TASK MATERIAL |

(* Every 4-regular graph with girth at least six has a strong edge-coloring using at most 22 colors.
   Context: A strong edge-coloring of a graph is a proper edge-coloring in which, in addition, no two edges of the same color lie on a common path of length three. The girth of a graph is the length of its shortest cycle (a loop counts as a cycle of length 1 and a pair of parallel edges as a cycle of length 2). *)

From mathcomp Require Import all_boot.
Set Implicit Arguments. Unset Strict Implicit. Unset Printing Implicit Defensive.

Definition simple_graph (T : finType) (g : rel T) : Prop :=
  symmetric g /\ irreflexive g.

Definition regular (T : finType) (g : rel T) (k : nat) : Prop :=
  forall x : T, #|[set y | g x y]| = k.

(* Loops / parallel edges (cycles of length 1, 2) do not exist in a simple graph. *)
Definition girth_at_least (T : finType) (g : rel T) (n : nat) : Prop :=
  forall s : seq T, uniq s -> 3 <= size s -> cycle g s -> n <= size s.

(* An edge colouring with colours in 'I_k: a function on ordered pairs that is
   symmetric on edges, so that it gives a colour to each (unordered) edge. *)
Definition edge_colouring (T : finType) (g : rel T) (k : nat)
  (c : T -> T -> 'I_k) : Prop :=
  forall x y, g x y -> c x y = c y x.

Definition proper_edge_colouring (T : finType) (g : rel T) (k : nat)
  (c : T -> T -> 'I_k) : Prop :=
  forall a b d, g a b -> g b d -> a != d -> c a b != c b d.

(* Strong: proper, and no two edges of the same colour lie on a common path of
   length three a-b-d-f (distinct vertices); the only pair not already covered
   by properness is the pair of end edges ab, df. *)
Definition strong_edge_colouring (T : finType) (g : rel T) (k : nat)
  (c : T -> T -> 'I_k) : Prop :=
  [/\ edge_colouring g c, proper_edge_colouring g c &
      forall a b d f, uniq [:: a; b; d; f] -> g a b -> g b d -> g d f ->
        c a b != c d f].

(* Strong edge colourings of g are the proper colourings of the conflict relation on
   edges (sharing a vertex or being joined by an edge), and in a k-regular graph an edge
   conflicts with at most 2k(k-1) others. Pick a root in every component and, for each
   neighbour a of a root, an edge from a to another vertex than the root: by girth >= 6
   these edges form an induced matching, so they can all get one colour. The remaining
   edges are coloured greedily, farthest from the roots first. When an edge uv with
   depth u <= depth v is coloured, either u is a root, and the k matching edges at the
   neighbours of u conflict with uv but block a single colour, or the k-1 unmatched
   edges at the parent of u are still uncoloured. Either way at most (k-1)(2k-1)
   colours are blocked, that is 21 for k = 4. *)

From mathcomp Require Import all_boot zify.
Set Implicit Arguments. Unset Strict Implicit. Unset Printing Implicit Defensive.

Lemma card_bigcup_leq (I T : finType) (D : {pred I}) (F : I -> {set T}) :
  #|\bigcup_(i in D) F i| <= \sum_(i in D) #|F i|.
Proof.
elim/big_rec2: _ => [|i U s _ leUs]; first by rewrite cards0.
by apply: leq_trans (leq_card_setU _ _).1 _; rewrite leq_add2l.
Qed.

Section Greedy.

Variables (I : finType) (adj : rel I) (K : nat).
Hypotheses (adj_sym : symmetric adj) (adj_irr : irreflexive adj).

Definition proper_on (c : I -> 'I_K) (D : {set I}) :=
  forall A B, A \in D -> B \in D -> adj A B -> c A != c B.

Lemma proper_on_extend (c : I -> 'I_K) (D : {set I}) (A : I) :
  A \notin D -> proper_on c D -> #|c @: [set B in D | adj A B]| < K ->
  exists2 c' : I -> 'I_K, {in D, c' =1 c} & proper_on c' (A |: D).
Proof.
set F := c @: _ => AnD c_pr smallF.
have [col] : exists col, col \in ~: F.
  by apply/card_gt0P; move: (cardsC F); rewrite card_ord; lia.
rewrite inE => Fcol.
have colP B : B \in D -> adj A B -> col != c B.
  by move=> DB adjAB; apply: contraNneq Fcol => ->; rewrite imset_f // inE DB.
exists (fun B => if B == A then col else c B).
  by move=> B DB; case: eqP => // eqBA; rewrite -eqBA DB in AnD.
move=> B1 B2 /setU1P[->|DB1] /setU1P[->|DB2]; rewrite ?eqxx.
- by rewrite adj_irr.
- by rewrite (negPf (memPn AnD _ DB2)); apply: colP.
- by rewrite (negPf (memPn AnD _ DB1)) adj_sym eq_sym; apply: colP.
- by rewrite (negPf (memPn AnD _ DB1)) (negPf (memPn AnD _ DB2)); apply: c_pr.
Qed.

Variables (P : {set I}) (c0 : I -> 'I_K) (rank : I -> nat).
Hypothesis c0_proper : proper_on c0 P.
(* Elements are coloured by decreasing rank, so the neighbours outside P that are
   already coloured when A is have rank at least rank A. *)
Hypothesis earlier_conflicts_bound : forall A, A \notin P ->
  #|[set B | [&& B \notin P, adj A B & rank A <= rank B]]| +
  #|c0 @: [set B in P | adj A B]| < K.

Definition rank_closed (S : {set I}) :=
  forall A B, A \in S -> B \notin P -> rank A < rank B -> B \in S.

EXERCISE DETAILS | When a line of the records has the word "Variables", pick it out and copy it.

EXERCISE ANSWER |
Variables (I : finType) (adj : rel I) (K : nat).
Variables (P : {set I}) (c0 : I -> 'I_K) (rank : I -> nat).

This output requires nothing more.